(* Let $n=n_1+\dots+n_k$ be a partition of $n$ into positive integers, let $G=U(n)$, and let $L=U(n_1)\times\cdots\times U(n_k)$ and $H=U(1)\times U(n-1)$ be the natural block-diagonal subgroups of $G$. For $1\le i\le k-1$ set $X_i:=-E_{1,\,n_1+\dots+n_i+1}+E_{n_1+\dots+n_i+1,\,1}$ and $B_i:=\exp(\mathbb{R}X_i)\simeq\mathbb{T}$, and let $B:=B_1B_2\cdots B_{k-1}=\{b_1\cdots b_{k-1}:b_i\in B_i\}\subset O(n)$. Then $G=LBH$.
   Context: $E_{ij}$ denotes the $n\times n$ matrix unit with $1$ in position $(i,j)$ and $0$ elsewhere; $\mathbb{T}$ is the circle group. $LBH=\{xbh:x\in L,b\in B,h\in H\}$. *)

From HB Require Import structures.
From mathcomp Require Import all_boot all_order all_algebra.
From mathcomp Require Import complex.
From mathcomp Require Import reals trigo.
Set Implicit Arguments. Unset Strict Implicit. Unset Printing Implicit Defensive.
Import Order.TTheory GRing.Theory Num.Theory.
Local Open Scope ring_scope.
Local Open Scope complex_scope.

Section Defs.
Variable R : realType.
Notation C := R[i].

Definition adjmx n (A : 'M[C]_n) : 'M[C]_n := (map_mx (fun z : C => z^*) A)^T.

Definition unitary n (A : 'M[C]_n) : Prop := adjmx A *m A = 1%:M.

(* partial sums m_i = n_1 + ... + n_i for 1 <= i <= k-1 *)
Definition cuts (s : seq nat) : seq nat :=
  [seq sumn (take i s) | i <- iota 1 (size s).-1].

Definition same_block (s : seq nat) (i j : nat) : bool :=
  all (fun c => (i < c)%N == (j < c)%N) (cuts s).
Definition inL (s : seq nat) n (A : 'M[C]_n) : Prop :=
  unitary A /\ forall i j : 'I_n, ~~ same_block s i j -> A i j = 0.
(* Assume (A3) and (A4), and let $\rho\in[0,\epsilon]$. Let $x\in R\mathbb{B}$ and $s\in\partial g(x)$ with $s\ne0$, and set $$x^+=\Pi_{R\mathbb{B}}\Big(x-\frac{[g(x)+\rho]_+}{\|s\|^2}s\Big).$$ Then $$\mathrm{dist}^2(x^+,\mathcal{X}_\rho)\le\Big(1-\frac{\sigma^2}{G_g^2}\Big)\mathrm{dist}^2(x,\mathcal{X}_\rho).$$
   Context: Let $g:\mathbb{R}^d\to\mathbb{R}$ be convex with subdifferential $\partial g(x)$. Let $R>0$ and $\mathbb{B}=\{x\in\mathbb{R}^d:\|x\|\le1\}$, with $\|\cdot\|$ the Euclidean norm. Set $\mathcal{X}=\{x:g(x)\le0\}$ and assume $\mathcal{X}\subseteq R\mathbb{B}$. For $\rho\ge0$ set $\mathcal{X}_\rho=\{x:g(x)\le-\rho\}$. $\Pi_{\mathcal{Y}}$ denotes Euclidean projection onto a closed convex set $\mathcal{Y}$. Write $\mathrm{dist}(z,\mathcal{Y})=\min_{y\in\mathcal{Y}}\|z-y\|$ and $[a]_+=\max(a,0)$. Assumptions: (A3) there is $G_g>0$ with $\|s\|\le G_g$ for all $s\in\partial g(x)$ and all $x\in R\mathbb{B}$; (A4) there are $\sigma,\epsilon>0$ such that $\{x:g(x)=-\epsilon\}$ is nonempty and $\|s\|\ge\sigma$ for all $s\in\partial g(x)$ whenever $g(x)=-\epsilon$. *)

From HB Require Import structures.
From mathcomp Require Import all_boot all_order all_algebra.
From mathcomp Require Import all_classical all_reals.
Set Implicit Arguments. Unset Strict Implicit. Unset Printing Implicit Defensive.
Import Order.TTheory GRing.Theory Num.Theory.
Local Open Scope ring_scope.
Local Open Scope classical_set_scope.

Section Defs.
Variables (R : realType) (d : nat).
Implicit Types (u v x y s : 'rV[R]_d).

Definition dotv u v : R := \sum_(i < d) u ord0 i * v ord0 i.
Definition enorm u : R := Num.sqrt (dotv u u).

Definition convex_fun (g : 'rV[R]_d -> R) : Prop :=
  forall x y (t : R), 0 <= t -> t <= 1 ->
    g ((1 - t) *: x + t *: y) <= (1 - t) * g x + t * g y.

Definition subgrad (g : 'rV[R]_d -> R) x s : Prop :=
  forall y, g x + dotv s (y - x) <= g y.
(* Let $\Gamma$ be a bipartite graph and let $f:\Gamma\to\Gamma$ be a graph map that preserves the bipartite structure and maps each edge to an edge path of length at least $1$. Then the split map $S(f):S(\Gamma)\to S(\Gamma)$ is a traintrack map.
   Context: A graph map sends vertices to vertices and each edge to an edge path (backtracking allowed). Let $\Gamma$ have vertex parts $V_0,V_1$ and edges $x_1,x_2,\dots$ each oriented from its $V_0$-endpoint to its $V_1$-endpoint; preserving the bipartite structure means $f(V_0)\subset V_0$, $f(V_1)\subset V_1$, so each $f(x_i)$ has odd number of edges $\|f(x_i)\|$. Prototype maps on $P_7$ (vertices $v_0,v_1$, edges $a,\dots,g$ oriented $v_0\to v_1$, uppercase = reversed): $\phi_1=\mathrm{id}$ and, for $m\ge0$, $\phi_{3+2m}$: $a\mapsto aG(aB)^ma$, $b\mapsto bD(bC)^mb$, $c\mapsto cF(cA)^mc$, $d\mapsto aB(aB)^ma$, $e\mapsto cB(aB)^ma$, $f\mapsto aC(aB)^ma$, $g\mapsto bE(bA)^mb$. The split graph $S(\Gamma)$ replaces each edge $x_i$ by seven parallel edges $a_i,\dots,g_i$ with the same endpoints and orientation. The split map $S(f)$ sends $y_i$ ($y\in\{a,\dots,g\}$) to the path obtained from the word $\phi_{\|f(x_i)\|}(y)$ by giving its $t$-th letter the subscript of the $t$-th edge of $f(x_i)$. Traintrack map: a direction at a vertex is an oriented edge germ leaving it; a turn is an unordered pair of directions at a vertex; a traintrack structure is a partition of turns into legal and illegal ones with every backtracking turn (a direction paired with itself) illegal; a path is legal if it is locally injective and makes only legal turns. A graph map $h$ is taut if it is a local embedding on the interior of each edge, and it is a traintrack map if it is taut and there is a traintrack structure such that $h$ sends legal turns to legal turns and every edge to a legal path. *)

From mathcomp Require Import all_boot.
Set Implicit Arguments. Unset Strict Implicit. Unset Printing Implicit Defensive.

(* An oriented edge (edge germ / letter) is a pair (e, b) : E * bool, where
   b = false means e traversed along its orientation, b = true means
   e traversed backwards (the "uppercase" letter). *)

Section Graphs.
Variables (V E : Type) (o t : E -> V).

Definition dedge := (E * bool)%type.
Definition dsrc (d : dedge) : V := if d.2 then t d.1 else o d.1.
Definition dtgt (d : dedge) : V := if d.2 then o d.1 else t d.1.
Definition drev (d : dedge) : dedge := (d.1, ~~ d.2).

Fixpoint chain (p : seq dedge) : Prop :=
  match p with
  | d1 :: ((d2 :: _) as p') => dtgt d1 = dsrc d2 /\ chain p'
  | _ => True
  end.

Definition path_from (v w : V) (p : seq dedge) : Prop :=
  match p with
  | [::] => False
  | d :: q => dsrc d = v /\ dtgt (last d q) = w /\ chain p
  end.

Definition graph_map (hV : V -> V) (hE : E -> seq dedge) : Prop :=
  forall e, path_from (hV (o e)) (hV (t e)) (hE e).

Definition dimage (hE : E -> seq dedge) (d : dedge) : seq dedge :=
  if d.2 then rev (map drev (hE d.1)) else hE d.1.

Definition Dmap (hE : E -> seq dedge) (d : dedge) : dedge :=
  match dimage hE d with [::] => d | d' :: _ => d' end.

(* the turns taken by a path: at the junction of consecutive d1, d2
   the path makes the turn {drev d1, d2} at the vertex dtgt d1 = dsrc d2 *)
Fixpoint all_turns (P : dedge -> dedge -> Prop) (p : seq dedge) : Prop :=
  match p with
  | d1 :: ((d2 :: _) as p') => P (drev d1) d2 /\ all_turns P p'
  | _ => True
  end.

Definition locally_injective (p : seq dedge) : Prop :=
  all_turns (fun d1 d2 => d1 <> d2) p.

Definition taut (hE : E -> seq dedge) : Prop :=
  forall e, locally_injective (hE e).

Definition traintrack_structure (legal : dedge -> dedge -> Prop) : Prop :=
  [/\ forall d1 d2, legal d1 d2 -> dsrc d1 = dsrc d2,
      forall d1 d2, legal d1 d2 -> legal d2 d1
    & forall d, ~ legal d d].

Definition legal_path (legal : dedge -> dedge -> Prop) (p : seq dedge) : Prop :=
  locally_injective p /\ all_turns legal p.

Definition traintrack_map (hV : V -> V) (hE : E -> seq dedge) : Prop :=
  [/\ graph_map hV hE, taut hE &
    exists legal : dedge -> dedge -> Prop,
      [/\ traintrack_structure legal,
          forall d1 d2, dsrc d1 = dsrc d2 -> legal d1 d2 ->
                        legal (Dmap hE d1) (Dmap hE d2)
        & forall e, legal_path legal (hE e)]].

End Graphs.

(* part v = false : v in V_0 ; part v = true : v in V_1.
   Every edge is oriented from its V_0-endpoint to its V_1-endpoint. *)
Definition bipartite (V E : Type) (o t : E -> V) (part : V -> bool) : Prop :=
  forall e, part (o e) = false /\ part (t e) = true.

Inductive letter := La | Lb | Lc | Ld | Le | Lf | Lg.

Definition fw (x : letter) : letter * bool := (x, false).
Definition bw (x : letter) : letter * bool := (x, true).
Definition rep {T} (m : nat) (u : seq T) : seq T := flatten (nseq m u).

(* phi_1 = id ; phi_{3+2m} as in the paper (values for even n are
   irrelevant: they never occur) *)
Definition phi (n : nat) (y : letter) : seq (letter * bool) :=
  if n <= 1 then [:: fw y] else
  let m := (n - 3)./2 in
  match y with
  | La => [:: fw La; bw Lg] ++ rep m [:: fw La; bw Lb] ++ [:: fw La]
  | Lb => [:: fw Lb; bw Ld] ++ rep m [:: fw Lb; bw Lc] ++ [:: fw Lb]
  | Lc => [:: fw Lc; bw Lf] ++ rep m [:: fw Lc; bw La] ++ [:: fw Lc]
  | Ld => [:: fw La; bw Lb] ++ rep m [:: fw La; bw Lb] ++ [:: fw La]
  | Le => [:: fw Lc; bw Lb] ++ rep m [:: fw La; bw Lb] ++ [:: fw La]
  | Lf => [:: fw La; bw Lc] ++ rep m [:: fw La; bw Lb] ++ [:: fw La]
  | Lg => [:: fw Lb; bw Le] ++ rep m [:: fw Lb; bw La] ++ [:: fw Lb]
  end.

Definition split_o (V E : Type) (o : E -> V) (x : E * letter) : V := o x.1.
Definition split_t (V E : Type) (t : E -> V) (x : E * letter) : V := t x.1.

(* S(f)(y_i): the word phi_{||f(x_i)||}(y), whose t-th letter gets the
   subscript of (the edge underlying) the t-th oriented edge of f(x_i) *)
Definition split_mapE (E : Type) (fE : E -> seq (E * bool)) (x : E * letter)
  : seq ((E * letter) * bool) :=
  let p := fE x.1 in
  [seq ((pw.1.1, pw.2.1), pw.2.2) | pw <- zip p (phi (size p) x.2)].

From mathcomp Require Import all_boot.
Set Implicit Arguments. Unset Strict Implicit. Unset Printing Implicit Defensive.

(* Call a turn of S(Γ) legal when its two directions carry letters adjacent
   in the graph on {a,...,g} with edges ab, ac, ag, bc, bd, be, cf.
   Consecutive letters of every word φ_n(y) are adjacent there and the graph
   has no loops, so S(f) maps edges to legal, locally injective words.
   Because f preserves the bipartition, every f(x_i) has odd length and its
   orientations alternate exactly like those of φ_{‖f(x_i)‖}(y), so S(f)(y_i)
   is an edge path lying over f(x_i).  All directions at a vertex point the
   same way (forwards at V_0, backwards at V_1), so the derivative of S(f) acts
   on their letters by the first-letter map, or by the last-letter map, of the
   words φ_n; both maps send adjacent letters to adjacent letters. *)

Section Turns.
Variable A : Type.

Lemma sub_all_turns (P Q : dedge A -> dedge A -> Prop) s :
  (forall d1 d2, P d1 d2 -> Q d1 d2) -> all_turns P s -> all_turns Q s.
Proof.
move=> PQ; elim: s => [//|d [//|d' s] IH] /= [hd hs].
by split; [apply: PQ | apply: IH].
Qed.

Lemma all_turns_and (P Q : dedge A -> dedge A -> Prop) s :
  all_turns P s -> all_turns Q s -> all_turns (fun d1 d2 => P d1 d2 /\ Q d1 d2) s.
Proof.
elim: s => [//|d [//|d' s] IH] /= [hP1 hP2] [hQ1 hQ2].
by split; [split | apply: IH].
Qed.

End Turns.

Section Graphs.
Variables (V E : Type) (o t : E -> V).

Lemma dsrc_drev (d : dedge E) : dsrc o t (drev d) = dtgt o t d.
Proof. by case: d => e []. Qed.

****************************************

**What is being asked**
Repeat, character for character, the lines of the material above from the line with "Definition traintrack_structure (legal" through the line with "locally_injective p /\ all_turns legal p.".

**Exercise output**
Definition traintrack_structure (legal : dedge -> dedge -> Prop) : Prop :=
  [/\ forall d1 d2, legal d1 d2 -> dsrc d1 = dsrc d2,
      forall d1 d2, legal d1 d2 -> legal d2 d1
    & forall d, ~ legal d d].

Definition legal_path (legal : dedge -> dedge -> Prop) (p : seq dedge) : Prop :=
  locally_injective p /\ all_turns legal p.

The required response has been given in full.